Notons encore qu'il faudrait tenir compte du débit sécrétoire des
catécholamines plus que de son débit excrétoire, et même du débit fonctionnel
plus que du débit sécrétoire, Tout cela au niveau central plutôt qu'au niveau
global.
Enfin avec R.Tissot (142) et de très nombreux auteurs, il semble que
l’on doive accepter l'idée que les troubles de l'humeur sont corrélés à la
perturbation d'un ensemble neuro- physiologique plus qu'à la seule
variation d'un composé défini. On devrait notamment s'attacher aux
perturbations du rapport sérotonine / catécholamines, plus qu'au taux du
numérateur ou du dénominateur isolé.
Par rapport à ce dénominateur (catécholamines), notre étude suggère qu'il
pourrait être vu comme un rapport fonctionnel entre dopaminergie, alpha-ergie
et bêta-ergie...
On peut d'ailleurs prévoir que les autres médiateurs connus, au au
moins certains d'entre eux, ont de l'importance : GABA [Gamma Amino Butyric
Acid], GHBA [« Gamma Hydroxy Butyric Acid » ou Gamma-OH],
tryptamine, acide glutamique, etc.
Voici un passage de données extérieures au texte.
(* Let $d\geq 3$. Let $\mathcal{H}_A=\mathbb{C}^2\otimes\mathbb{C}^d$ and $\mathcal{H}_B=\mathbb{C}^2\otimes\mathbb{C}^d$, and regard $\mathcal{H}_A\otimes\mathcal{H}_B$ as $(\mathbb{C}^2\otimes\mathbb{C}^2)\otimes(\mathbb{C}^d\otimes\mathbb{C}^d)$, where the first pair consists of the qubit factors of Alice and Bob and the second pair of the qudit factors. For $x,y,z\geq 0$ let $$\rho=\tilde Q_2\otimes\tilde Q+x\,P_2\otimes\tilde Q+y\,\tilde Q_2\otimes P+z\,P_2\otimes P.$$ If $z>\frac{2x}{d-2}$, then $\rho$ is entangled (not separable) with respect to the split $\mathcal{H}_A|\mathcal{H}_B$.
   Context: $P_2=|\Phi_2\rangle\langle\Phi_2|$ with $|\Phi_2\rangle=\frac{1}{\sqrt2}(|00\rangle+|11\rangle)\in\mathbb{C}^2\otimes\mathbb{C}^2$, and $\tilde Q_2=(\mathbb{1}-P_2)/3$. $P=|\Phi_d\rangle\langle\Phi_d|$ with $|\Phi_d\rangle=\frac{1}{\sqrt d}\sum_{i=0}^{d-1}|ii\rangle\in\mathbb{C}^d\otimes\mathbb{C}^d$, and $\tilde Q=(\mathbb{1}-P)/(d^2-1)$. A positive semidefinite operator is separable if it is a nonnegative combination of product operators $\rho^A\otimes\rho^B$ with $\rho^A,\rho^B\geq 0$. *)

(* Complex scalars: an arbitrary numClosedFieldType C
   (e.g. algC, or R[i] for a real closed field R), with Num.conj as complex
   conjugation and the partial order 0 <= z <-> z real nonnegative. *)
From HB Require Import structures.
From mathcomp Require Import all_boot all_order all_algebra.
Unset Printing Implicit Defensive.
Import Order.TTheory GRing.Theory Num.Theory.
Local Open Scope ring_scope.

Definition op (C : numClosedFieldType) (I : finType) := I -> I -> C.

Definition psd (C : numClosedFieldType) (I : finType) (M : op C I) : Prop :=
  forall v : I -> C, 0 <= \sum_(i : I) \sum_(j : I) (v i)^* * M i j * v j.

Definition kron (C : numClosedFieldType) (I J : finType) (M : op C I) (N : op C J)
  : op C (I * J)%type := fun p q => M p.1 q.1 * N p.2 q.2.
Lemma lexleP v w : reflect (sq v w \/ left_of v w) (lexle v w).
Proof.
apply: (iffP orP) => [[vw|/existsP[a /existsP[b /and5P[ma av mb bw ab]]]]|].
- by left.
- by right; apply: left_of_sib ma av mb bw ab.
case=> [vw|[m [a [b [ma av mb bw ab]]]]]; first by left.
right; rewrite (meet_isucc ma mb (sib_neq ab) av bw).
by apply/existsP; exists a; apply/existsP; exists b; rewrite ma av mb bw ab.
Qed.

Lemma left_of_meet v w : left_of v w -> exists a b,
  [/\ isucc (meet v w) a, sq a v, isucc (meet v w) b, sq b w & ot_sib a b].
Proof.
case=> m [a [b [ma av mb bw ab]]].
by rewrite (meet_isucc ma mb (sib_neq ab) av bw); exists a, b.
Qed.

Lemma left_of_sqr v w w' : left_of v w -> sq w w' -> left_of v w'.
Proof.
case=> m [a [b [ma av mb bw ab]]] ww'.
exact: left_of_sib ma av mb (sq_trans bw ww') ab.
Qed.

Lemma left_of_sql v v' w : left_of v w -> sq v v' -> left_of v' w.
Proof.
case=> m [a [b [ma av mb bw ab]]] vv'.
exact: left_of_sib ma (sq_trans av vv') mb bw ab.
Qed.

Lemma sq_left_of u v w : sq u v -> left_of v w -> sq u w \/ left_of u w.
Proof.
move=> uv [m [a [b [ma av mb bw ab]]]].
case: (sq_isucc_cases ma av uv) => [um|au].
  by left; apply: sq_trans um (sq_trans (isucc_sq mb) bw).
by right; apply: left_of_sib ma au mb bw ab.
Qed.

Lemma left_of_trans v u w : left_of u v -> left_of v w -> left_of u w.
Proof.
move=> [m [a [b [ma au mb bv ab]]]] [n [c [d [nc cv nd dw cd]]]].
case: (sq_isucc_cases nc cv bv) => [bn|cb].
  by apply: left_of_sib ma au mb (sq_trans bn (sq_trans (isucc_sq nd) dw)) ab.
case: (sq_isucc_cases mb bv cv) => [cm|bc].
  by apply: left_of_sib nc (sq_trans cm (sq_trans (isucc_sq ma) au)) nd dw cd.
have ebc := sq_anti bc cb; rewrite -ebc in nc cd.
rewrite -(isucc_parent_uniq mb nc) in nd.
exact: left_of_sib ma au nd dw (ot_sib_trans ab cd).
Qed.

Lemma left_of_sqF v w : left_of v w -> sq v w || sq w v = false.
Proof.
move=> [m [a [b [ma av mb bw ab]]]]; apply/negbTE/negP => /orP[vw|wv].
  by move: (sib_neq ab); rewrite (isucc_uniq ma mb (sq_trans av vw) bw) eqxx.
by move: (sib_neq ab); rewrite (isucc_uniq ma mb av (sq_trans bw wv)) eqxx.
Qed.

Lemma left_of_asym v w : left_of v w -> left_of w v -> False.
Proof.
move=> /left_of_meet[a [b [ma av mb bw ab]]] /left_of_meet[c [d []]].
rewrite meetC => mc cw md dv cd.
rewrite (isucc_uniq mc mb cw bw) (isucc_uniq md ma dv av) in cd.
by move: (ot_sib_trans ab cd); rewrite ot_sib_irr.
Qed.

Lemma lexle_refl v : lexle v v.
Proof. by apply/lexleP; left; apply: sq_refl. Qed.

Lemma sq_lexle v w : sq v w -> lexle v w.
Proof. by move=> vw; apply/lexleP; left. Qed.

Lemma left_of_lexle v w : left_of v w -> lexle v w.
Proof. by move=> vw; apply/lexleP; right. Qed.

Lemma lexle_trans u v w : lexle u v -> lexle v w -> lexle u w.
Proof.
move=> /lexleP[uv|uv] /lexleP[vw|vw]; apply/lexleP.
- by left; apply: sq_trans uv vw.
- exact: sq_left_of uv vw.
- by right; apply: left_of_sqr uv vw.
- by right; apply: left_of_trans uv vw.
Qed.

Lemma lexle_anti v w : lexle v w -> lexle w v -> v = w.
Proof.
move=> /lexleP[vw|vw] /lexleP[wv|wv].
- exact: sq_anti.
- by move: (left_of_sqF wv); rewrite vw orbT.
- by move: (left_of_sqF vw); rewrite wv orbT.
- by case: (left_of_asym vw wv).
Qed.

Lemma lexle_total v w : lexle v w || lexle w v.
Proof.
case: (eqVneq (meet v w) v) => [<-|nv]; first by rewrite sq_lexle ?sq_meetr.
case: (eqVneq (meet v w) w) => [<-|nw]; first by rewrite orbC sq_lexle ?sq_meetl.
have [a ma av] := isucc_exists (sq_meetl v w) nv.
have [b mb bw] := isucc_exists (sq_meetr v w) nw.
have nab : a != b.
  apply: contra_neq (isucc_neq ma) => eab; rewrite -eab in bw.
  exact: sq_anti (isucc_sq ma) (sq_meet av bw).
case/orP: (ot_sib_total ma mb nab) => ab; apply/orP; [left|right]; apply: left_of_lexle.
  exact: left_of_sib ma av mb bw ab.
exact: left_of_sib mb bw ma av ab.
Qed.

Lemma lexlt_geF v w : lexlt v w -> lexle w v = false.
Proof. by case/andP=> vw; apply: contraNF => /(lexle_anti vw) ->. Qed.

Lemma left_of_lexlt v w : left_of v w -> lexlt v w.
Proof.
move=> vw; rewrite /lexlt left_of_lexle //=.
by apply/eqP => evw; move: (left_of_sqF vw); rewrite evw sq_refl.
Qed.

Lemma lexlt_left_of v w : lexlt v w -> ~~ sq v w -> left_of v w.
Proof. by case/andP=> /lexleP[->|]. Qed.

Lemma leaf_sq l w : leaf l -> sq l w -> w = l.
Proof. by move/forallP=> lmax lw; apply/eqP; move/implyP: (lmax w); apply. Qed.

Lemma leaf_lexlt_left_of l w : leaf l -> lexlt l w -> left_of l w.
Proof.
move=> ll lw; apply: (lexlt_left_of lw); apply: contraTN lw => /(leaf_sq ll) ->.
by rewrite /lexlt eqxx andbF.
Qed.

Lemma leaf_above v : exists2 l, leaf l & sq v l.
Proof.
pose P := [pred t | sq v t]; have Pv : P v by apply: sq_refl.
case: (arg_maxnP height Pv) => l vl lmax; exists l => //.
apply/forallP => u; apply/implyP => lu; apply: contraT => nul.
by have := lmax u (sq_trans vl lu); rewrite /= leqNgt height_lt // eq_sym.
Qed.

Lemma lexmax_exists (P : pred T) : (exists v, P v) ->
  exists2 m, P m & forall w, P w -> lexle w m.
Proof.
case=> v Pv; case: (arg_maxnP (fun u => #|[set t | lexle t u]|) Pv) => m Pm mmax.
exists m => // w Pw; case/orP: (lexle_total w m) => // mw.
have sub : [set t | lexle t m] \subset [set t | lexle t w].
  by apply/subsetP=> t; rewrite !inE => /lexle_trans; apply.
have /setP/(_ w) : [set t | lexle t m] = [set t | lexle t w].
  by apply/eqP; rewrite eqEcard sub; apply: mmax.
by rewrite !inE lexle_refl => ->.
Qed.

Lemma lexmin_exists (P : pred T) : (exists v, P v) ->
  exists2 m, P m & forall w, P w -> lexle m w.
Proof.
case=> v Pv; case: (arg_minnP (fun u => #|[set t | lexle t u]|) Pv) => m Pm mmin.
exists m => // w Pw; case/orP: (lexle_total w m) => // wm.
have sub : [set t | lexle t w] \subset [set t | lexle t m].
  by apply/subsetP=> t; rewrite !inE => /lexle_trans; apply.
have /setP/(_ m) : [set t | lexle t w] = [set t | lexle t m].
  by apply/eqP; rewrite eqEcard sub; apply: mmin.
by rewrite !inE lexle_refl => ->.
Qed.

Lemma maxleaf_lexle l v : maxleaf l -> lexle v l.
Proof.
case/andP=> _ /forallP lmax; have [u lu vu] := leaf_above v.
by apply: lexle_trans (sq_lexle vu) _; move/implyP: (lmax u); apply.
Qed.

Definition next_leaf y y' :=
  [/\ leaf y', lexlt y y' & forall w, leaf w -> lexlt y w -> lexle y' w].

Lemma next_leaf_exists y : leaf y -> ~~ maxleaf y -> exists y', next_leaf y y'.
Proof.
move=> ly; rewrite /maxleaf ly => /forallPn[l]; rewrite negb_imply => /andP[ll nly].
have yl : lexlt y l.
  case/orP: (lexle_total y l) => [yl|ly']; last by rewrite ly' in nly.
  by rewrite /lexlt yl /=; apply: contraNneq nly => ->; apply: lexle_refl.
have [y' /andP[ly' yy'] y'min] : exists2 y', leaf y' && lexlt y y' &
    forall w, leaf w && lexlt y w -> lexle y' w.
  by apply: lexmin_exists; exists l; rewrite ll yl.
by exists y'; split=> // w lw yw; apply: y'min; rewrite /= lw.
Qed.

Lemma lexlt_meet_transfer m r q q' w : sq m r -> m != r -> sq r q -> sq r q' ->
  leaf w -> lexlt w q -> meet w q = m -> lexlt w q' /\ meet w q' = m.
Proof.
move=> mr nmr rq rq' lw wq ewq.
have [c mc cr] := isucc_exists mr nmr.
have /left_of_meet[d [c' []]] := leaf_lexlt_left_of lw wq.
rewrite ewq => md dw mc' c'q dc'.
rewrite (isucc_uniq mc' mc c'q (sq_trans cr rq)) in dc'.
split; first exact/left_of_lexlt/(left_of_sib md dw mc (sq_trans cr rq') dc').
exact: meet_isucc md mc (sib_neq dc') dw (sq_trans cr rq').
Qed.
Nous avons même cru observer dans un cas la
guérison d'un accès mélancolique en trois jours par administration à chaque
réveil de doses suffisantes de GHBA.
Avec Tissot (142) nous pensons qu’aucune médication ne puisse être le
"sirop
typhon" de l’état dépressif et il devient impératif d’essayer de
distinguer les états dépressifs en fonction des rapports fonctionnels perturbés
et cela afin de pouvoir sortir du pur empirisme thérapeutique.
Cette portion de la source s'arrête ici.